An editorial in the latest Bloomberg Businessweek takes President Obama to task for his corporate tax policy.

A higher corporate tax rate makes it cheaper to do business overseas, encouraging companies to send jobs abroad. What’s more, higher taxes are largely passed on to U.S. workers and consumers in smaller paychecks and higher prices.

The Obama administration claims to understand this. Yet its latest budget, which projects a $901 billion deficit in fiscal 2013, perpetuates the clumsy way the U.S. has tried for decades to reduce the overall tax rate with ever more credits and deductions. The budget encourages manufacturers, for example, to invest in the U.S. by proposing new deductions for companies that stay onshore and new credits for those investing in hard-hit communities. …

… The bigger problem is that tax credits rarely drive corporate behavior, especially decisions as important as a facility’s location.
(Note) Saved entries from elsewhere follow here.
(* Consider the perturbed federated algorithm described in the context, with $\beta\in(0,1)$. Assume that the bounded variance, bounded stochastic gradient norm and $L$-smoothness assumptions hold. Then for every round $t\ge0$ and every pair of clients $i,j$, $$\mathbb{E}\|\mathbf{u}^i_t-\mathbf{u}^j_t\|^2\le\mathbb{1}_{t\ge1}\,4\gamma_{t-1}^2E^2G^2.$$
   Context: Setting: there are $C$ clients with local objectives $F_i:\mathbb{R}^D\to\mathbb{R}$. Similarity weights $p_{in}\ge0$ are symmetric, satisfy $p_{ii}=0$, and $\sum_{i,n}p_{in}=1$. Let $p_i=\sum_np_{in}>0$. Algorithm, with parameter $\beta$, $E\ge1$ local steps and step sizes $\gamma_t$, all clients participating: - $\mathbf{u}^i_0=\overline{\mathbf{w}}_{0,0}$. - In round $t$, $\mathbf{w}^i_{t,0}=\overline{\mathbf{w}}_{t,0}$. For $k=0,\dots,E-1$, $\widetilde{\mathbf{w}}^i_{t,k}=\beta\mathbf{w}^i_{t,k}+(1-\beta)\mathbf{u}^i_t$ and $\mathbf{w}^i_{t,k+1}=\mathbf{w}^i_{t,k}-\gamma_tg_i(\widetilde{\mathbf{w}}^i_{t,k})$, with stochastic gradients $g_i$ of $F_i$ sampled independently given the past. - $\overline{\mathbf{w}}_{t,k}=\sum_ip_i\mathbf{w}^i_{t,k}$ and $\overline{\mathbf{w}}_{t+1,0}=\overline{\mathbf{w}}_{t,E}$. - For $t\ge1$, $\mathbf{u}^i_t=\frac1{p_i}\sum_np_{in}\mathbf{w}^n_{t-1,E}$. Assumptions: - Unbiasedness: $\mathbb{E}\,g_i(\widetilde{\mathbf{w}}^i_{t,k})=\nabla F_i(\widetilde{\mathbf{w}}^i_{t,k})$. - Variance: $\mathbb{E}\|g_i(\widetilde{\mathbf{w}}^i_{t,k})-\nabla F_i(\widetilde{\mathbf{w}}^i_{t,k})\|^2\le\sigma^2$. - Bounded second moment: $\mathbb{E}\|g_i(\widetilde{\mathbf{w}}^i_{t,k})\|^2\le G^2$. - Each $\nabla F_i$ is $L$-Lipschitz. $\mathbb{E}$ is total expectation. *)

From HB Require Import structures.
From mathcomp Require Import all_boot all_order all_algebra.
From mathcomp Require Import all_classical all_reals all_analysis.
Set Implicit Arguments. Unset Strict Implicit. Unset Printing Implicit Defensive.
Import Order.TTheory GRing.Theory Num.Theory.
Local Open Scope ring_scope.

Definition dotv (R : realType) (D : nat) (x y : 'rV[R]_D) : R :=
  \sum_(a < D) x 0 a * y 0 a.
Definition sqnorm (R : realType) (D : nat) (x : 'rV[R]_D) : R := dotv x x.
Definition enorm (R : realType) (D : nat) (x : 'rV[R]_D) : R := Num.sqrt (sqnorm x).

Section Algo.
Variables (R : realType) (T : Type) (C D : nat).
Variables (p : 'I_C -> 'I_C -> R)
          (beta : R) (E : nat) (gamma : nat -> R) (w0 : 'rV[R]_D)
          (g : 'I_C -> nat -> nat -> T -> 'rV[R]_D).
  (* g i t k x = realised stochastic gradient g_i(wtilde^i_{t,k}) of client i,
     round t, local step k, at sample point x *)
Variable x : T.

Definition pw (i : 'I_C) : R := \sum_(n < C) p i n.

(* prev = None for round 0, Some (w^n_{t-1,E})_n for round t >= 1 *)
Definition start_of (prev : option ('I_C -> 'rV[R]_D)) : 'rV[R]_D :=
  match prev with None => w0 | Some e => \sum_(i < C) pw i *: e i end.
Definition u_of (prev : option ('I_C -> 'rV[R]_D)) (i : 'I_C) : 'rV[R]_D :=
  match prev with
  | None => w0
  | Some e => (pw i)^-1 *: \sum_(n < C) p i n *: e n end.

Fixpoint local (t : nat) (prev : option ('I_C -> 'rV[R]_D)) (i : 'I_C) (k : nat)
  : 'rV[R]_D :=
  match k with
  | 0 => start_of prev
  | k'.+1 => local t prev i k' - gamma t *: g i t k' x
  end.

Fixpoint ends (t : nat) : 'I_C -> 'rV[R]_D :=
  let prev := match t with 0 => None | t'.+1 => Some (ends t') end in
  fun i => local t prev i E.

Definition prev_of (t : nat) : option ('I_C -> 'rV[R]_D) :=
  match t with 0 => None | t'.+1 => Some (ends t') end.

Definition wbar (t : nat) : 'rV[R]_D := start_of (prev_of t).
Definition u (t : nat) (i : 'I_C) : 'rV[R]_D := u_of (prev_of t) i.
Definition w (t : nat) (i : 'I_C) (k : nat) : 'rV[R]_D := local t (prev_of t) i k.
Definition wtilde (t : nat) (i : 'I_C) (k : nat) : 'rV[R]_D :=
  beta *: w t i k + (1 - beta) *: u t i.
End Algo.

(** Every client starts round [t] from the same model [wbar_t], so after the
    round [u^i_(t+1) = wbar_t - gamma_t M_i], where [M_i] is the [p_(i.)/p_i]
    convex combination of the clients' summed stochastic gradients
    [S_n = sum_(k < E) g_(n,t,k)].  Hence
    [|u^i_(t+1) - u^j_(t+1)|^2 <= 2 gamma_t^2 (|M_i|^2 + |M_j|^2)], and Jensen's
    inequality for the convex combination together with
    [|S_n|^2 <= E sum_k |g_(n,t,k)|^2] bound the expectation of each
    [|M_i|^2] by [E^2 G^2].
    In round [0] all [u^i_0] coincide. *)

From HB Require Import structures.
From mathcomp Require Import all_boot all_order all_algebra.
From mathcomp Require Import all_classical all_reals all_analysis measurable_realfun.
From mathcomp Require Import ring lra.
Import Order.TTheory GRing.Theory Num.Theory.
Local Open Scope ring_scope.
Set Implicit Arguments. Unset Strict Implicit. Unset Printing Implicit Defensive.

Section SquaredNorm.
Variables (R : realType) (D : nat).
Implicit Types v w : 'rV[R]_D.

Lemma sqnorm_ge0 v : 0 <= sqnorm v.
Proof. by apply: sumr_ge0 => a _; rewrite -expr2 sqr_ge0. Qed.

Lemma sqnorm0 : sqnorm (0 : 'rV[R]_D) = 0.
Proof. by rewrite /sqnorm /dotv big1 // => a _; rewrite mxE mul0r. Qed.

Lemma sqnormZ c v : sqnorm (c *: v) = c ^+ 2 * sqnorm v.
Proof.
by rewrite /sqnorm /dotv mulr_sumr; apply: eq_bigr => a _; rewrite !mxE; ring.
Qed.

Lemma sqnormB_le v w : sqnorm (v - w) <= 2 * sqnorm v + 2 * sqnorm w.
Proof.
rewrite /sqnorm /dotv !mulr_sumr -big_split /=; apply: ler_sum => a _.
rewrite !mxE; have := sqr_ge0 (v 0 a + w 0 a); nra.
Qed.

Lemma sqr_convex_sum_le (I : finType) (q y : I -> R) :
  (forall n, 0 <= q n) -> \sum_n q n = 1 ->
  (\sum_n q n * y n) ^+ 2 <= \sum_n q n * y n ^+ 2.
Proof.
move=> q_ge0 q_sum1; set m := \sum_n q n * y n.
have var_ge0 : 0 <= \sum_n q n * (y n - m) ^+ 2.
  by apply: sumr_ge0 => n _; rewrite mulr_ge0 ?sqr_ge0.
have var_expand : \sum_n q n * (y n - m) ^+ 2 =
    \sum_n q n * y n ^+ 2 - 2 * m * m + m ^+ 2 * \sum_n q n.
  rewrite (eq_bigr (fun n => q n * y n ^+ 2 + - (2 * m) * (q n * y n) + m ^+ 2 * q n));
    last by move=> n _; ring.
  by rewrite !big_split /= -!mulr_sumr -/m; ring.
by move: var_ge0; rewrite var_expand q_sum1; nra.
Qed.

Lemma sqnorm_convex_sum_le (I : finType) (q : I -> R) (v : I -> 'rV[R]_D) :
  (forall n, 0 <= q n) -> \sum_n q n = 1 ->
  sqnorm (\sum_n q n *: v n) <= \sum_n q n * sqnorm (v n).
Proof.
move=> q_ge0 q_sum1; rewrite /sqnorm /dotv.
under [X in _ <= X]eq_bigr => n _ do rewrite mulr_sumr.
rewrite [X in _ <= X]exchange_big /=; apply: ler_sum => a _.
rewrite summxE -expr2 (eq_bigr (fun n => q n * v n 0 a)) => [|n _]; last by rewrite mxE.
under [X in _ <= X]eq_bigr => n _ do rewrite -expr2.
exact: sqr_convex_sum_le.
Qed.

Lemma sqnorm_sum_le (N : nat) (v : 'I_N -> 'rV[R]_D) :
  sqnorm (\sum_k v k) <= \sum_k N%:R * sqnorm (v k).
Proof.
case: N v => [|N] v; first by rewrite !big_ord0 sqnorm0.
have N_neq0 : (N.+1%:R : R) != 0 by rewrite pnatr_eq0.
have avg_ge0 : forall k : 'I_N.+1, 0 <= (N.+1%:R : R)^-1 by rewrite invr_ge0.
have avg_sum1 : \sum_(k < N.+1) (N.+1%:R : R)^-1 = 1.
  by rewrite sumr_const card_ord -[_ *+ _]mulr_natr mulVf.
have -> : \sum_k v k = N.+1%:R *: \sum_k N.+1%:R^-1 *: v k.
  by rewrite -scaler_sumr scalerA divff // scale1r.
rewrite sqnormZ -mulr_sumr.
apply: le_trans (ler_wpM2l (sqr_ge0 _) (sqnorm_convex_sum_le _ avg_ge0 avg_sum1)) _.
by rewrite -mulr_sumr mulrA expr2 -(mulrA N.+1%:R) divff // mulr1.
Qed.

End SquaredNorm.

Section OneRound.
Variables (R : realType) (T : Type) (C D : nat).
Variables (p : 'I_C -> 'I_C -> R) (E : nat) (gamma : nat -> R) (w0 : 'rV[R]_D)
          (g : 'I_C -> nat -> nat -> T -> 'rV[R]_D) (x : T).

Definition local_update (t : nat) (n : 'I_C) : 'rV[R]_D := \sum_(k < E) g n t k x.

Definition mix_weight (i n : 'I_C) : R := (pw p i)^-1 * p i n.

Definition mixed_update (t : nat) (i : 'I_C) : 'rV[R]_D :=
  \sum_n mix_weight i n *: local_update t n.

Lemma local_sum t prev i k :
  local p gamma w0 g x t prev i k =
  start_of p w0 prev - gamma t *: \sum_(l < k) g i t l x.
Proof.
elim: k => [|k IHk] /=; first by rewrite big_ord0 scaler0 subr0.
by rewrite IHk big_ord_recr /= scalerDr opprD addrA.
Qed.

Lemma u_succ t i : pw p i != 0 ->
  u p E gamma w0 g x t.+1 i =
  wbar p E gamma w0 g x t - gamma t *: mixed_update t i.
Proof.
move=> pi_neq0; rewrite /u /wbar /mixed_update /mix_weight /=.
have ends_t n : ends p E gamma w0 g x t n =
    local p gamma w0 g x t (prev_of p E gamma w0 g x t) n E by case: t.
under eq_bigr => n _ do rewrite ends_t local_sum scalerBr.
rewrite sumrB -scaler_suml -/(pw p i) scalerBr scalerA mulVf // scale1r.
rewrite !scaler_sumr; congr (_ - _); apply: eq_bigr => n _.
by rewrite !scalerA mulrC.
Qed.

Lemma u_succB t i j : pw p i != 0 -> pw p j != 0 ->
  u p E gamma w0 g x t.+1 i - u p E gamma w0 g x t.+1 j =
  gamma t *: (mixed_update t j - mixed_update t i).
Proof.
move=> pi_neq0 pj_neq0; rewrite !u_succ // scalerBr.
by rewrite opprD opprK addrACA subrr add0r addrC.
Qed.

Section ConvexWeights.
Variable i : 'I_C.
Hypotheses (p_ge0 : forall n, 0 <= p i n) (pi_gt0 : 0 < pw p i).

Lemma mix_weight_ge0 n : 0 <= mix_weight i n.
Proof. by rewrite mulr_ge0 // invr_ge0 ltW. Qed.

Lemma mix_weight_sum1 : \sum_n mix_weight i n = 1.
Proof. by rewrite -mulr_sumr mulVf // lt0r_neq0. Qed.

Lemma sqnorm_mixed_update_le t :
  sqnorm (mixed_update t i) <= \sum_n mix_weight i n * sqnorm (local_update t n).
Proof. exact: sqnorm_convex_sum_le mix_weight_ge0 mix_weight_sum1. Qed.

End ConvexWeights.
End OneRound.

Section RowMeasurability.
Variables (d : measure_display) (T : measurableType d) (R : realType) (D : nat).
Implicit Types V W : T -> 'rV[R]_D.

Definition measurable_row V := forall a, measurable_fun setT (fun x => V x 0 a).

Lemma measurable_sqnorm V : measurable_row V -> measurable_fun setT (fun x => sqnorm (V x)).
Proof.
move=> mV; apply: (measurable_sum _ (h := fun a x => V x 0 a * V x 0 a)) => a.
exact: measurable_funM.
Qed.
Economists say other factors, including wages, availability of skilled labor, and proximity to customers, carry more weight and that the Obama tax changes would probably be marginal at best.

The tax proposals in the White House’s budget seem designed more for political advantage than to put forward the best policy. Obama officials hint that a corporate tax overhaul may come later this year—something they’ve predicted in the past, only to back away. Before asking voters to give him a second term, Obama needs to show how he would fix a fractured system.

Roy Cordato might offer a simple alternative: Scrap the corporate income tax completely.